In the 1971 tour to New Zealand, Gibson formed a midfield combination alongside captain John Dawes. The 1971 tour is the Lions' sole series victory over the All Blacks. In 2018 Gibson won 'substantial' damages over false allegations made by John Spencer that he manipulated British and Irish Lions team selection to ensure his place in the Test team.

Gibson's work commitments saw him join the 1974 Lions in South Africa as a replacement during the second half of the tour. Gibson played understudy to the new Test pairing of Ian McGeechan and Richard Milliken.

Gibson was selected for his fifth Lions tour in 1977, equalling fellow Irishman Willie John McBride's record. However, back and hamstring problems meant that Gibson was unable to compete for a test place.

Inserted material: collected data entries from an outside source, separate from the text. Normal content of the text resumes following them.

(* Let $\mu, t \in \mathbb{R}$ and $\sigma > 0$. Let $\mathcal{L}_S(\mu,\sigma)$ be the set of all probability distributions $F$ on $\mathbb{R}$ such that, for $X \sim F$, $\mathbb{E}^F[X]=\mu$, $\mathbb{E}^F[X^2]=\mu^2+\sigma^2$, and $F$ is symmetric. Then \[ \sup_{F \in \mathcal{L}_{S}(\mu, \sigma)}\mathbb{E}^{F}[(X-t)_{+}^2]= \begin{cases} \sigma^2 + (t-\mu)^2, & t \le \mu-\sigma,\\ \frac{1}{2}(\mu- t+\sigma)^2, & \mu-\sigma < t\leq \mu,\\ \frac{\sigma^2}{2}, & t > \mu. \end{cases} \]
   Context: For $x\in\mathbb{R}$, $(x)_+=\max\{x,0\}$. A distribution $F$ of a random variable $X$ is called symmetric if there exists a constant $a\in\mathbb{R}$ such that $\mathbb{P}(X-a>x)=\mathbb{P}(X-a<-x)$ for all $x\in\mathbb{R}$ under $F$. $\mathbb{E}^F$ denotes expectation when $X$ has distribution $F$. *)

From HB Require Import structures.
From mathcomp Require Import all_boot all_order all_algebra.
From mathcomp Require Import all_classical all_reals all_analysis.
Set Implicit Arguments. Unset Strict Implicit. Unset Printing Implicit Defensive.
Import Order.TTheory GRing.Theory Num.Theory.
Local Open Scope classical_set_scope.
Local Open Scope ring_scope.
(* Let $n\geq 2$ and let $A$ be a commutative associative algebra over $\mathbb{C}$ equipped with $n-1$ pairwise commuting derivations $D_1,\ldots,D_{n-1}$. Define the $n$-ary bracket $$W(u_1,\ldots,u_n)=\det\begin{pmatrix} u_1 & \cdots & u_n\\ D_1u_1 & \cdots & D_1u_n\\ \vdots & & \vdots\\ D_{n-1}u_1 & \cdots & D_{n-1}u_n\end{pmatrix}$$ for $u_1,\ldots,u_n\in A$ (the determinant being computed using the commutative associative product of $A$). Then $(A,\cdot,W(\cdot,\ldots,\cdot))$ is a strong transposed Poisson $n$-Lie algebra.
   Context: An $n$-Lie algebra is a vector space $L$ with an $n$-linear skew-symmetric bracket $[\cdot,\ldots,\cdot]$ satisfying $[[x_1,\ldots,x_n],y_2,\ldots,y_n]=\sum_{i=1}^n[x_1,\ldots,x_{i-1},[x_i,y_2,\ldots,y_n],x_{i+1},\ldots,x_n]$ for all $x_i,y_j\in L$. A transposed Poisson $n$-Lie algebra is a triple $(A,\cdot,[\cdot,\ldots,\cdot])$ where $(A,\cdot)$ is a commutative associative algebra, $(A,[\cdot,\ldots,\cdot])$ is an $n$-Lie algebra, and for all $h,a_1,\ldots,a_n\in A$: $n\,h\,[a_1,\ldots,a_n]=\sum_{i=1}^n[a_1,\ldots,h a_i,\ldots,a_n]$ (with $ha_i$ in the $i$-th slot). It is called strong if moreover for all $h,y_1,y_2,x_1,\ldots,x_{n-1}\in A$: $$y_1[hy_2,x_1,\ldots,x_{n-1}]-y_2[hy_1,x_1,\ldots,x_{n-1}]+\sum_{i=1}^{n-1}(-1)^{i-1}hx_i[y_1,y_2,x_1,\ldots,\hat{x}_i,\ldots,x_{n-1}]=0,$$ where $\hat{x}_i$ means $x_i$ is omitted. *)

From HB Require Import structures.
From mathcomp Require Import all_boot all_order all_fingroup all_algebra.
From mathcomp Require Import complex.
From mathcomp Require Import Rstruct.
Set Implicit Arguments. Unset Strict Implicit. Unset Printing Implicit Defensive.
Import Order.TTheory GRing.Theory Num.Theory.
Local Open Scope ring_scope.

Notation Cplx := (complex Rdefinitions.R).

Section NLie.
Variables (F : comNzRingType) (A : comAlgType F) (n : nat).

Definition upd (u : 'I_n -> A) (i : 'I_n) (a : A) : 'I_n -> A :=
  fun k => if k == i then a else u k.

(* value of a family at a natural index (0 outside the range) *)
Definition natat (x : 'I_n -> A) (j : nat) : A :=
  if (insub j : option 'I_n) is Some k then x k else 0.

(* (a, y_1, ..., y_{n-1}) : slot 0 is a, slots 1..n-1 are taken from y
   (slot 0 of y is ignored) *)
Definition cons0 (a : A) (y : 'I_n -> A) : 'I_n -> A :=
  fun k => if val k == 0%N then a else y k.

(* (y1, y2, x_1, ..., ^x_i, ..., x_{n-1}) with x_j stored at slot j of x *)
Definition omitarg (x : 'I_n -> A) (i : nat) (y1 y2 : A) : 'I_n -> A :=
  fun k => if val k == 0%N then y1 else if val k == 1%N then y2
           else if (val k <= i)%N then natat x (val k).-1 else natat x (val k).

Definition nlinear (br : ('I_n -> A) -> A) : Prop :=
  forall (u : 'I_n -> A) (i : 'I_n) (c : F) (a b : A),
    br (upd u i (c *: a + b)) = c *: br (upd u i a) + br (upd u i b).

Definition skew_symmetric (br : ('I_n -> A) -> A) : Prop :=
  forall (s : 'S_n) (u : 'I_n -> A),
    br (fun k => u (s k)) = (-1) ^+ (odd_perm s) * br u.

Definition filippov (br : ('I_n -> A) -> A) : Prop :=
  forall x y : 'I_n -> A,
    br (cons0 (br x) y) = \sum_(i < n) br (upd x i (br (cons0 (x i) y))).

Definition is_nLie (br : ('I_n -> A) -> A) : Prop :=
  [/\ nlinear br, skew_symmetric br & filippov br].

(* (A, mul, br) is a transposed Poisson n-Lie algebra; (A, mul) is commutative
   associative by the structure of A. *)
Definition transposed_Poisson_nLie (br : ('I_n -> A) -> A) : Prop :=
  is_nLie br /\
  forall (h : A) (a : 'I_n -> A),
    n%:R * h * br a = \sum_(i < n) br (upd a i (h * a i)).

Definition strong_condition (br : ('I_n -> A) -> A) : Prop :=
  forall (h y1 y2 : A) (x : 'I_n -> A),
    y1 * br (cons0 (h * y2) x) - y2 * br (cons0 (h * y1) x)
    + \sum_(i < n | (1 <= val i)%N)
        (-1) ^+ (val i).-1 * h * x i * br (omitarg x (val i) y1 y2) = 0.

Definition strong_transposed_Poisson_nLie (br : ('I_n -> A) -> A) : Prop :=
  transposed_Poisson_nLie br /\ strong_condition br.

Definition derivation (d : A -> A) : Prop :=
  (forall (c : F) (a b : A), d (c *: a + b) = c *: d a + d b) /\
  (forall a b : A, d (a * b) = d a * b + a * d b).

(* row i (i >= 1) of the Wronskian matrix uses D_i, stored as D (i-1) *)
Definition Drow (D : 'I_n.-1 -> A -> A) (i : nat) (a : A) : A :=
  if (insub i.-1 : option 'I_n.-1) is Some k then D k a else 0.

Definition wronskian_bracket (D : 'I_n.-1 -> A -> A) (u : 'I_n -> A) : A :=
  \det (\matrix_(i < n, j < n) (if val i == 0%N then u j else Drow D (val i) (u j))).

End NLie.

From HB Require Import structures.
From mathcomp Require Import all_boot all_order all_fingroup all_algebra.
From mathcomp Require Import complex Rstruct.
From mathcomp Require Import ring.
Import GRing.Theory.
Local Open Scope ring_scope.
Set Implicit Arguments. Unset Strict Implicit. Unset Printing Implicit Defensive.

(* Put delta_0 = id and delta_r = D_r for 1 <= r <= n-1, so that
   W(u) = det (delta_r u_j). Expanding along the first column, the map
   u |-> W(u, y_2, ..., y_n) is the first-order operator
   phi = sum_r g_r delta_r whose coefficients g_r are the first-column
   cofactors. For every operator of this form the Leibniz rule and the
   commutation of the D_r give
     sum_i W(x_1, ..., phi x_i, ..., x_n)
       = phi (W x) + ((n-1) g_0 + sum_(r>=1) D_r g_r) W x.
   With g = (h, 0, ..., 0) this is the transposed Poisson identity. For the
   cofactors, sum_(r>=1) D_r g_r = -(n-1) g_0: in the expansion of D_r g_r
   the second derivatives D_r D_s cancel in pairs, being symmetric in (r, s)
   while the accompanying minors are antisymmetric, and what remains is -g_0
   for each r; this gives the Filippov identity. Finally the Leibniz rule
   pulls h out of the strong condition, which is then the expansion along
   the first row of an (n+1) x (n+1) determinant whose first two rows both
   equal (y_1, y_2, x_1, ..., x_(n-1)). *)

Section SetColumn.
Variables (R : comPzRingType) (n : nat).
Implicit Types (M : 'M[R]_n) (i j r : 'I_n) (u v : 'I_n -> R).
(* Let $k\ge 4$, $n=2k-1$, and $\lambda\in\overline{\mathcal{U}}_{T_n}$. Then the Young diagram $\mathrm{KN}(S_\lambda)$ has exactly $3n-3$ cells; consequently the sum of the hook lengths of the cells on its main diagonal is $3n-3$.
   Context: A partition of $N$ into distinct parts is a sequence $\lambda=(\lambda_1<\dots<\lambda_t)$ of positive integers with sum $N$ and $t\ge 2$, identified with its set of parts. Missing parts: $\mathcal{M}_\lambda=\{1,\dots,\lambda_t\}\setminus\lambda$. $\lambda$ is refinable if two distinct missing parts sum to a part of $\lambda$, unrefinable otherwise; $\mathcal{U}_N$ is the set of unrefinable partitions of $N$. An element of $\mathcal{U}_N$ is maximal if its largest part is the maximum of the largest parts of elements of $\mathcal{U}_N$; $\widetilde{\mathcal{U}}_N$ is the set of these and $\overline{\mathcal{U}}_N=\{\lambda\in\widetilde{\mathcal{U}}_N:\#\mathcal{M}_\lambda=\lfloor\lambda_t/2\rfloor\}$. $T_n=n(n+1)/2$. $S_\lambda=\mathbb{N}_0\setminus\lambda$. The Keith–Nath transformation sends a set $S\subseteq\mathbb{N}_0$ with $0\in S$ and finite complement to the Young diagram $\mathrm{KN}(S)$ whose boundary is the lattice path that, starting at the origin, takes for $j=0,1,\dots,\max(\mathbb{N}_0\setminus S)$ an east step if $j\in S$ and a north step otherwise (the region between this path, the vertical axis and the horizontal line at the path's final height). Diagrams are in English convention; the hook length of a cell is (cells to its right in its row) + (cells below it in its column) + 1; the main diagonal consists of the cells in row $i$ and column $i$. *)

From mathcomp Require Import all_boot.
Set Implicit Arguments. Unset Strict Implicit. Unset Printing Implicit Defensive.

(* A partition of N into distinct parts, represented by the strictly increasing
   sequence of its parts lambda_1 < ... < lambda_t (identified with its set of parts). *)
Definition distinct_partition (N : nat) (la : seq nat) : bool :=
  [&& sorted ltn la, all (fun x => 0 < x) la, sumn la == N & 2 <= size la].

Definition largest_part (la : seq nat) : nat := last 0 la.

Definition missing_parts (la : seq nat) : seq nat :=
  [seq m <- iota 1 (largest_part la) | m \notin la].

Definition refinable (la : seq nat) : bool :=
  has (fun a => has (fun b => (a != b) && (a + b \in la)) (missing_parts la))
      (missing_parts la).

Definition unrefinable_partition (N : nat) (la : seq nat) : Prop :=
  distinct_partition N la /\ ~~ refinable la.

Definition maximal_unrefinable (N : nat) (la : seq nat) : Prop :=
  unrefinable_partition N la /\
  forall mu, unrefinable_partition N mu -> largest_part mu <= largest_part la.

Definition Ubar (N : nat) (la : seq nat) : Prop :=
  maximal_unrefinable N la /\ size (missing_parts la) = (largest_part la)./2.

Definition T (n : nat) : nat := n * n.+1 %/ 2.

Definition S_lambda (la : seq nat) : pred nat := fun j => j \notin la.

(* Keith--Nath transformation of S (with 0 in S and finite complement whose
   maximum is m): the lattice path from the origin, for j = 0..m, takes an
   east step if j \in S and a north step otherwise.  [true] = north step. *)
Definition KN_path (S : pred nat) (m : nat) : seq bool :=
  [seq ~~ S j | j <- iota 0 m.+1].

====Other representative teams====
Gibson played for a combined Scotland/Ireland XV in the 1970 Centenary of RFU celebration match against a combined England/Wales XV and again in the 1972 Scottish Rugby Union Centenary match.

===Rugby playing honours===
Gibson was awarded an MBE for services to the game.

When the International Rugby Hall of Fame was instituted in 1997, Gibson was one of the initial fifteen inductees. Upon his induction into the IRB Hall of Fame in 2011, Gibson paid tribute to his teammates, calling rugby the greatest team sport.

In January 2012 Gibson was inducted into the Belfast Telegraph Hall of Fame.

In an interview in 2011, Irish rugby great Brian O'Driscoll praised Gibson's contribution to Irish rugby:

At times when Irish rugby wasn't successful Mike was always the shining light. He played international rugby for 15 years and that speaks volumes about him. He was a magnificent player and a true ambassador for the game.

===After retirement===
Gibson continued to play an active role in the rugby community after he retired from playing.

Gibson has acted as a marshal for the Open Golf Championship in 2025.

==Professional career==
Gibson practised as a solicitor in Belfast. Fellow Irish international David Humphreys trained as a solicitor in Gibson's firm.

==Personal life==
Gibson married Moyra in 1970. They had met when he was 18 and she was 16. Their son played rugby with Gloucester, and their daughter played hockey for Ireland. Gibson also played golf. They lived in Belfast.

Gibson has credited people with having important influences on his life, including his family and Ronnie Dawson.

He has said that he is not sure if he would have played professional rugby.